From the entries below, pull out each line where "rewrite" appears.

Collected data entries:

• • • • • • •

Variables (N N' : nat -> nat) (q : R).
Hypothesis HN : filterlim N eventually eventually.
Hypothesis HNN' : forall k, (N k < N' k)%nat.
Hypothesis Hq : is_lim_seq (fun k => INR (N' k) / INR (N k)) q.

Lemma eventually_pos : exists k0, forall k, (k0 <= k)%nat -> (0 < N k)%nat.
Proof. apply (HN (fun n => 0 < n)%nat). now exists 1%nat. Qed.

Lemma is_lim_seq_ratio_inv : q <> 0 -> is_lim_seq (fun k => INR (N k) / INR (N' k)) (/ q).
Proof.
  intros Hq0. apply is_lim_seq_ext_loc with (fun k => / (INR (N' k) / INR (N k))).
  - destruct eventually_pos as [k0 Hk0]. exists k0. intros k Hk.
    specialize (Hk0 k Hk). specialize (HNN' k).
    assert (INR (N k) <> 0) by (apply not_0_INR; lia).
    assert (INR (N' k) <> 0) by (apply not_0_INR; lia).
    field. auto.
  - apply (is_lim_seq_inv _ q); [exact Hq | now injection 1].
Qed.

Lemma is_lim_seq_gap_ratio : q <> 0 ->
  is_lim_seq (fun k => INR (N' k - N k) / INR (N' k)) (1 - / q).
Proof.
  intros Hq0. apply is_lim_seq_ext with (fun k => 1 - INR (N k) / INR (N' k)).
  - intros k. specialize (HNN' k). rewrite minus_INR by lia.
    field. apply not_0_INR. lia.
  - apply is_lim_seq_minus'; [apply is_lim_seq_const | now apply is_lim_seq_ratio_inv].
Qed.

Lemma filterlim_gap : 1 < q -> filterlim (fun k => (N' k - N k)%nat) eventually eventually.
Proof.
  intros Hq1. apply filterlim_nat_of_INR.
  apply is_lim_seq_ext_loc with (fun k => INR (N k) * (INR (N' k) / INR (N k) - 1)).
  - destruct eventually_pos as [k0 Hk0]. exists k0. intros k Hk.
    specialize (Hk0 k Hk). specialize (HNN' k). rewrite minus_INR by lia.
    field. apply not_0_INR. lia.
  - apply is_lim_seq_mult with p_infty (q - 1).
    + exact (is_lim_seq_subseq _ _ _ HN is_lim_seq_INR).
    + apply is_lim_seq_minus'; [exact Hq | apply is_lim_seq_const].
    + apply is_Rbar_mult_p_infty_pos. simpl. lra.
Qed.

End ProportionalSequences.

(** * The limit of the Gelfand–Tsetlin link *)

Lemma young_contained_length mu lam : young mu -> contained mu lam ->
  (length mu <= length lam)%nat.
Proof.
  intros [_ Hpos] Hc. destruct (Nat.le_gt_cases (length mu) (length lam)) as [|H]; auto.
  specialize (Hpos (length lam) H). specialize (Hc (length lam)).
  rewrite (nth_overflow lam (n := length lam)) in Hc by lia. lia.
Qed.

Lemma GT_link_sig_of_factor lam mu N N' : nonincr lam -> contained mu lam ->
  (length mu <= length lam)%nat -> (length lam <= N)%nat -> (0 < N < N')%nat ->
  GT_link N' N (sig_of N' lam) (sig_of N mu) =
  DimN N (sig_of N mu) / INR N ^ size mu
  * (INR (chains_nat (pad_zeros (length lam) mu) (N' - N) lam)
     / INR (N' - N) ^ (size lam - size mu))
  / (DimN N' (sig_of N' lam) / INR N' ^ size lam)
  * (INR N / INR N') ^ size mu * (INR (N' - N) / INR N') ^ (size lam - size mu).
Proof.
  intros Hlam Hc HmuK HN HNN'. set (d := (size lam - size mu)%nat).
  unfold GT_link, DimKN.
  replace N' with (N + (N' - N))%nat at 2 by lia.
  rewrite (chains_count_sig_of mu (length lam) HmuK (N' - N) lam N eq_refl HN).
  assert (HN0 : INR N <> 0) by (apply not_0_INR; lia).
  assert (HN'0 : INR N' <> 0) by (apply not_0_INR; lia).
  assert (HM0 : INR (N' - N) <> 0) by (apply not_0_INR; lia).
  pose proof (DimN_sig_of_pos lam N' Hlam ltac:(lia)).
  replace (size lam) with (size mu + d)%nat
    by (unfold d; pose proof (proj1 (contained_size _ _ Hc)); lia).
  unfold Rdiv. rewrite pow_add, !Rpow_mult_distr, !pow_inv.
  field. repeat split; try lra; now apply pow_nonzero.
Qed.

• • • • • • •

**Exercise result:**
  - intros k. specialize (HNN' k). rewrite minus_INR by lia.
    specialize (Hk0 k Hk). specialize (HNN' k). rewrite minus_INR by lia.
  rewrite (nth_overflow lam (n := length lam)) in Hc by lia. lia.
  rewrite (chains_count_sig_of mu (length lam) HmuK (N' - N) lam N eq_refl HN).
  unfold Rdiv. rewrite pow_add, !Rpow_mult_distr, !pow_inv.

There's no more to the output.